Exercise objective: Print the lines that run from the line with "rewrite sumR_Sl, Rmult_plus_distr_l, Hshift." to the line with "(* For any RES-graph", keeping both end lines, exactly as they appear in the entries below, and nothing else.

(Source material Opens)

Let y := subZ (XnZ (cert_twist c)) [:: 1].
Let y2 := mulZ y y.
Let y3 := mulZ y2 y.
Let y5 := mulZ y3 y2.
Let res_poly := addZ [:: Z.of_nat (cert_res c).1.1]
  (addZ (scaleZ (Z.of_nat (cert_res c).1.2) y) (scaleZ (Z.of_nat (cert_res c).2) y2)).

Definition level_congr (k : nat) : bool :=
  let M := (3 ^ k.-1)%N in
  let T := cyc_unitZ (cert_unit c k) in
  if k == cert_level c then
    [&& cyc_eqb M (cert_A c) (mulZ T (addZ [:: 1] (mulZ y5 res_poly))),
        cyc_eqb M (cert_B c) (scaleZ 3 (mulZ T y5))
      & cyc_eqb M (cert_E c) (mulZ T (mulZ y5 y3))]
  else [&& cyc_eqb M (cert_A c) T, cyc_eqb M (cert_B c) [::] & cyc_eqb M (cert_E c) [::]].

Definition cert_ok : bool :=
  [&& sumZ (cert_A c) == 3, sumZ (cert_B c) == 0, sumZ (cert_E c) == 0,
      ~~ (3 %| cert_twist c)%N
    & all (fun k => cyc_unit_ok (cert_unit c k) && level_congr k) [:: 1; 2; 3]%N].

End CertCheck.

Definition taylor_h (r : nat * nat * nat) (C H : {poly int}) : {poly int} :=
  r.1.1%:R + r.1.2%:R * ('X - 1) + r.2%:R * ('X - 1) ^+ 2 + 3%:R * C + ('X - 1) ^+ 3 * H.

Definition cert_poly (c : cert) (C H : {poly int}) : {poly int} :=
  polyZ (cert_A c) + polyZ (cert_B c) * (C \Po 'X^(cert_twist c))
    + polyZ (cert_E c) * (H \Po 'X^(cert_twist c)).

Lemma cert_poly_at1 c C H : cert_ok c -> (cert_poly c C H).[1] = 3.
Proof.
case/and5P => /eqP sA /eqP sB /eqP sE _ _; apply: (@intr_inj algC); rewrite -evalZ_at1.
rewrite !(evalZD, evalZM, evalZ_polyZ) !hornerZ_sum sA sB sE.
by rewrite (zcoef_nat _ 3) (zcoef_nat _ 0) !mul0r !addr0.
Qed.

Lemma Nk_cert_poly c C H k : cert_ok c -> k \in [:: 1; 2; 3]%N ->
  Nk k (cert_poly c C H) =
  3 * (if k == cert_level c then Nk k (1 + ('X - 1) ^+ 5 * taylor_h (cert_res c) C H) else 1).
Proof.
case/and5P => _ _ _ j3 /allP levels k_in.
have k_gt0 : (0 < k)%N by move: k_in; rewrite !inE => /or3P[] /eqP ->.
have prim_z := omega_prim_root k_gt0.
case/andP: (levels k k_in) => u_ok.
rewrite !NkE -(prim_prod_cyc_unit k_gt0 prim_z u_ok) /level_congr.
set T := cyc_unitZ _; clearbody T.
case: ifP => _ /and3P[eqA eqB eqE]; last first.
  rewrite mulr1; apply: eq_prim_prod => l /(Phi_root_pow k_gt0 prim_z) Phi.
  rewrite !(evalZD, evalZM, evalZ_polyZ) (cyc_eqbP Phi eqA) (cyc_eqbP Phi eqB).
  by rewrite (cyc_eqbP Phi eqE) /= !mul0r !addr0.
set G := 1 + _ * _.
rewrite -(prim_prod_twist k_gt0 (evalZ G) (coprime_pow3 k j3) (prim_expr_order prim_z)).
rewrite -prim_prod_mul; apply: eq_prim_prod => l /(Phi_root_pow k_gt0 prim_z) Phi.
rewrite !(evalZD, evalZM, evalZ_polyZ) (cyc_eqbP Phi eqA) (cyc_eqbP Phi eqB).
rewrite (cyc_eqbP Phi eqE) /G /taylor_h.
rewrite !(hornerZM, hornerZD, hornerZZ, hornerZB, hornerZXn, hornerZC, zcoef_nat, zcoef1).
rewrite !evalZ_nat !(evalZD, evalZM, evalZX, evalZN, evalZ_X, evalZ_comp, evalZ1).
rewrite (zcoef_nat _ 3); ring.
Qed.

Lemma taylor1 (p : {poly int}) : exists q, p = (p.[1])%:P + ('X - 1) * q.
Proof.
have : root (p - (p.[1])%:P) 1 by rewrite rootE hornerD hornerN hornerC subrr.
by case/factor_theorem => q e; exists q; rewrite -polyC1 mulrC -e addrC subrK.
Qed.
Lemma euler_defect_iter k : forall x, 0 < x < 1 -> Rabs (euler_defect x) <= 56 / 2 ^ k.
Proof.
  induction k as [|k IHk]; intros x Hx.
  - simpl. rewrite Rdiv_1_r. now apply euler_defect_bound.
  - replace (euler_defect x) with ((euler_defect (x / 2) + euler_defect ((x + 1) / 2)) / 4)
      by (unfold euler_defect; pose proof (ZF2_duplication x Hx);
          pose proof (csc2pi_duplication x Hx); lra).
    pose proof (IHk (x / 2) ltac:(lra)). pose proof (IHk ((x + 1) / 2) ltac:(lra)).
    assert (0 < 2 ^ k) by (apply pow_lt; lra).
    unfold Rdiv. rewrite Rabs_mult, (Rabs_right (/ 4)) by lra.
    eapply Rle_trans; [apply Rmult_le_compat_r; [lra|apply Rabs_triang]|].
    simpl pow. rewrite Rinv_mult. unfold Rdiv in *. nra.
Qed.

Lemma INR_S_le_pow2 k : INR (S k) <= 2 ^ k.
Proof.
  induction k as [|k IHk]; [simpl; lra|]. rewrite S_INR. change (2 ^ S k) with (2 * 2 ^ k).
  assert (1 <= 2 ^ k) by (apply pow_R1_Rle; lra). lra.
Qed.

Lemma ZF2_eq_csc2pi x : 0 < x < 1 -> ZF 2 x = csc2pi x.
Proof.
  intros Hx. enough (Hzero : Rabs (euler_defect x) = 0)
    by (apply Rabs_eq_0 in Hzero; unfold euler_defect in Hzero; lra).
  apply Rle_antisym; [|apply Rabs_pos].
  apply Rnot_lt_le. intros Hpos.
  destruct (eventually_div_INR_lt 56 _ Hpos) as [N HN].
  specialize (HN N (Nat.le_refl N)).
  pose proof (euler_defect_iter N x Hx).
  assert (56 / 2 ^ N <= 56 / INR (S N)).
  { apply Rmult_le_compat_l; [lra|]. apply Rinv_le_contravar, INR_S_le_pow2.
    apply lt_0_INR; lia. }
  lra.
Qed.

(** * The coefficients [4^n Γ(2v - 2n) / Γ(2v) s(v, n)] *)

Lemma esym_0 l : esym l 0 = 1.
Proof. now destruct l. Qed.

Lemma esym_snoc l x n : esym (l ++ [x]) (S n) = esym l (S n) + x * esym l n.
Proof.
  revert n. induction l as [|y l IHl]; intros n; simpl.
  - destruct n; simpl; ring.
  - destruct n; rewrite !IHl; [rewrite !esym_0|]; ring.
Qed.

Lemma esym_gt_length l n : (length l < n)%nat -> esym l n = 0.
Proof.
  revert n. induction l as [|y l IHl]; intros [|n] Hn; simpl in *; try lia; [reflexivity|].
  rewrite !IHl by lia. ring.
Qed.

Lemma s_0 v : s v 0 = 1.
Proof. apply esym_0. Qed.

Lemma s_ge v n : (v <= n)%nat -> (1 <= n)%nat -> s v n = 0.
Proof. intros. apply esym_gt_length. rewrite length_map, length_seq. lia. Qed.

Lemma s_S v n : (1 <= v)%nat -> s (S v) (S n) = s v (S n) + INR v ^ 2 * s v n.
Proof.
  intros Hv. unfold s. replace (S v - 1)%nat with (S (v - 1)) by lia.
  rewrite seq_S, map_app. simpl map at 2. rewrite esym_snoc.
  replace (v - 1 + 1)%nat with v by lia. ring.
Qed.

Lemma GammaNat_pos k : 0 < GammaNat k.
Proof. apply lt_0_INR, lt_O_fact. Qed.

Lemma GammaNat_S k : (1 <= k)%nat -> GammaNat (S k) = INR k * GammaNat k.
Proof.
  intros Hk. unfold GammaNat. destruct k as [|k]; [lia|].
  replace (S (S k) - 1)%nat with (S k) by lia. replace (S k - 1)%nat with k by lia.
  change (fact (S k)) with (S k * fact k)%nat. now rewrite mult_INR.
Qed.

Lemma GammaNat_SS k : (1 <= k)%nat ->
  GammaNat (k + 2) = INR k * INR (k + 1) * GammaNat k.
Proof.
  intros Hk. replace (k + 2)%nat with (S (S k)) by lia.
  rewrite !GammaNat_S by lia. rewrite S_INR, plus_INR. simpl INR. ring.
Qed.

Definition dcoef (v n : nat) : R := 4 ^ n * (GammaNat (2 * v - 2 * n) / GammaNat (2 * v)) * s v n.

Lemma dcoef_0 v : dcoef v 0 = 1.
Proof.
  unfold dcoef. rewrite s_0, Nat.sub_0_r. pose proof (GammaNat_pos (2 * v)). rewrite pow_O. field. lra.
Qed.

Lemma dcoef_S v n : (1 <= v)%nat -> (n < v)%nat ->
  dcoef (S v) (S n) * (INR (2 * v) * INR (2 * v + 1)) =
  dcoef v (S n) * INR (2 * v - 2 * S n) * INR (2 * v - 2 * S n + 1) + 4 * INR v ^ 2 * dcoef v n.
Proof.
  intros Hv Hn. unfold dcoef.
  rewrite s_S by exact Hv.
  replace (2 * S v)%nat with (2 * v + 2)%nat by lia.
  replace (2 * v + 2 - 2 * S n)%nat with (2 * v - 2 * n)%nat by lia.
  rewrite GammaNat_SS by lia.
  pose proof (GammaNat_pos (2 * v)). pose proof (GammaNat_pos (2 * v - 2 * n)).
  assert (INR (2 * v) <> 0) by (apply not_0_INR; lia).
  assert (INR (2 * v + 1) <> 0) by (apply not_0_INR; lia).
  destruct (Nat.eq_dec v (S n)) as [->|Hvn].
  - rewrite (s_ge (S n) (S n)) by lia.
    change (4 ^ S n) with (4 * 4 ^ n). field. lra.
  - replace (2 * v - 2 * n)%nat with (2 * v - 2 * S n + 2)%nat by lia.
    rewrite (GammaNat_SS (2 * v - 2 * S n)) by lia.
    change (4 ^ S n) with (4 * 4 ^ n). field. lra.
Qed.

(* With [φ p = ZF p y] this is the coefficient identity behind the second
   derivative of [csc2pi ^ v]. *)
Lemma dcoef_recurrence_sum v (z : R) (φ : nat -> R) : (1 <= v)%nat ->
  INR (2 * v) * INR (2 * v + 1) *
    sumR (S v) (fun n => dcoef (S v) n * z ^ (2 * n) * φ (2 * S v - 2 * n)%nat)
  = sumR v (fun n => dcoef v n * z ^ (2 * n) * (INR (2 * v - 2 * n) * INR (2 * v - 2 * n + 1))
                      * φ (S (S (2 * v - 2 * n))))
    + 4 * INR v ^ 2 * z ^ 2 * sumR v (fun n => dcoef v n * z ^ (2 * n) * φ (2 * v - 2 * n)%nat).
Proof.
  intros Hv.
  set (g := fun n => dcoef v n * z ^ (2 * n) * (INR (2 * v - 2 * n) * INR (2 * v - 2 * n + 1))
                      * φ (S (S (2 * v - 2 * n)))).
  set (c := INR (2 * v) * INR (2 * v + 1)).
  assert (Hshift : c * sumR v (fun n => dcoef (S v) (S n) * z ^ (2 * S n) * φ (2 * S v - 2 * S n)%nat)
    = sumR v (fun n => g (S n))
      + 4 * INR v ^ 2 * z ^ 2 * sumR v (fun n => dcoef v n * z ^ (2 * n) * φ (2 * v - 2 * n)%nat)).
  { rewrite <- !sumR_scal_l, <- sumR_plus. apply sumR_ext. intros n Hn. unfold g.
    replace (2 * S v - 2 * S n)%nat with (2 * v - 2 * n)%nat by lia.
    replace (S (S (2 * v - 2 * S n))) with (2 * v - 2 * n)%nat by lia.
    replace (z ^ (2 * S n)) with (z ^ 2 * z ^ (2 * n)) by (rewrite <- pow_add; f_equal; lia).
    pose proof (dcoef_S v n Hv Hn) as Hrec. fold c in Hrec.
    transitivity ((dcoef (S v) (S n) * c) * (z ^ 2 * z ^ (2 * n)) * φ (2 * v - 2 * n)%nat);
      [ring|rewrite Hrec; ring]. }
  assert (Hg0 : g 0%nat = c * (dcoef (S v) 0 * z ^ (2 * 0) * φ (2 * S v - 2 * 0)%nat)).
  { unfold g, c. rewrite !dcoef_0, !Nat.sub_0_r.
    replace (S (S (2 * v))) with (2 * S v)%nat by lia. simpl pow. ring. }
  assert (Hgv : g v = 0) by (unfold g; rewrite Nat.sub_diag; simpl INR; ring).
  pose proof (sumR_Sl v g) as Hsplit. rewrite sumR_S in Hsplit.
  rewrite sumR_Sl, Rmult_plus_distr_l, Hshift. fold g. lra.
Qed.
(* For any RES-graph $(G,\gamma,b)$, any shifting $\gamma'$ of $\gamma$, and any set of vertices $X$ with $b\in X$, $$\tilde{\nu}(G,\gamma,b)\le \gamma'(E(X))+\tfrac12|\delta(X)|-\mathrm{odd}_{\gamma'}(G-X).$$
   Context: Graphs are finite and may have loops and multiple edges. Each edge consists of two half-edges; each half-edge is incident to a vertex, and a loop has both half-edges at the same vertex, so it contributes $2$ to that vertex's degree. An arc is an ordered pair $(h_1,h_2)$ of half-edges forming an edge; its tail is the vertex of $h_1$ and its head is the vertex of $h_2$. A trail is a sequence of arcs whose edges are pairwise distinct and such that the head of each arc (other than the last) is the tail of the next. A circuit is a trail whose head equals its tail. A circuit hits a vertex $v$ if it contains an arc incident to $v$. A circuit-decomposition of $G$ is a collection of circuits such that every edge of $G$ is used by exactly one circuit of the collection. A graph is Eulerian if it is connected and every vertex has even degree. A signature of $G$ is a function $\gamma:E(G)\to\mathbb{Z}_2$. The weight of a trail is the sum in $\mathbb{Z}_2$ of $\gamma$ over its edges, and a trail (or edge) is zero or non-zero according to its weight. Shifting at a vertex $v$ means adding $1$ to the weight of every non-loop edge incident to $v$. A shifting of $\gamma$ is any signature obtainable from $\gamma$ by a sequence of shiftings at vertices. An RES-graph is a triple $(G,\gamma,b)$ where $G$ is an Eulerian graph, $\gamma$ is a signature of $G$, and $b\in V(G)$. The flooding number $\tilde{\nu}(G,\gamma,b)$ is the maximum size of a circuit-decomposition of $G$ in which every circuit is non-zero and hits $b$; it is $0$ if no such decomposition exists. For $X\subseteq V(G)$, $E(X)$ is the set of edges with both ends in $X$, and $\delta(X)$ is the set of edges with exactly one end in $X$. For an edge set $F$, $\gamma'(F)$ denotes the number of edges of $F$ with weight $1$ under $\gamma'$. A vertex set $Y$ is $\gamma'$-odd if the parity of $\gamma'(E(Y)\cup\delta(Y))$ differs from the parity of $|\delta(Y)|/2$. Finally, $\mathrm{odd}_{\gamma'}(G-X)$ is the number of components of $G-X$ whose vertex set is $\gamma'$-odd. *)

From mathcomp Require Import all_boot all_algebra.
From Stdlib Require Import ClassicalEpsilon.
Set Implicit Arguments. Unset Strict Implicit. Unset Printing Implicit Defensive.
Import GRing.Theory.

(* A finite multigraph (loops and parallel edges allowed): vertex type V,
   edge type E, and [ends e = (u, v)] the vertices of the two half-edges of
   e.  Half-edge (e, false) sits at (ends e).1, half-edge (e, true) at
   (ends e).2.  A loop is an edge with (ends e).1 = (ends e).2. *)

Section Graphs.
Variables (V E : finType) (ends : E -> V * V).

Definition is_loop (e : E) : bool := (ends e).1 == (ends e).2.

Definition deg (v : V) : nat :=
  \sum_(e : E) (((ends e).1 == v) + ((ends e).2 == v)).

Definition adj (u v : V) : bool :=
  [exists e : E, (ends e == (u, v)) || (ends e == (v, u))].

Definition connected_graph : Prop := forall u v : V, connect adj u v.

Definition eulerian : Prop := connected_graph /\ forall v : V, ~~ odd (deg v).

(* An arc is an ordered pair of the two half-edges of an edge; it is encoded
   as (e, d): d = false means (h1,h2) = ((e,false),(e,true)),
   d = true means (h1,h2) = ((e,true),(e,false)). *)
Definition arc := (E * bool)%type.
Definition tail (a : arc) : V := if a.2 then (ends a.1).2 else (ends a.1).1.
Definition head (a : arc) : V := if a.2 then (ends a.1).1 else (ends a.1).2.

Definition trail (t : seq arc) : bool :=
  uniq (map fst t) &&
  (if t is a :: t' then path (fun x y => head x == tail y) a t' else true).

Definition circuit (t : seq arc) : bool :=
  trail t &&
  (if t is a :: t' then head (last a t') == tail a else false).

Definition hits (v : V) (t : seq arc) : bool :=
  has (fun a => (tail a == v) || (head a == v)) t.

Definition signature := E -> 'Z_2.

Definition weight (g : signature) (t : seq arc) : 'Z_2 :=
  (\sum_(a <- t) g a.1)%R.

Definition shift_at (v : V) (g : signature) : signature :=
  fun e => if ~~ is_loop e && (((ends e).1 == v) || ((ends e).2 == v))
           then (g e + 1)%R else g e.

(Source material Closes)

Solution for this task:
  rewrite sumR_Sl, Rmult_plus_distr_l, Hshift. fold g. lra.
Qed.
(* For any RES-graph $(G,\gamma,b)$, any shifting $\gamma'$ of $\gamma$, and any set of vertices $X$ with $b\in X$, $$\tilde{\nu}(G,\gamma,b)\le \gamma'(E(X))+\tfrac12|\delta(X)|-\mathrm{odd}_{\gamma'}(G-X).$$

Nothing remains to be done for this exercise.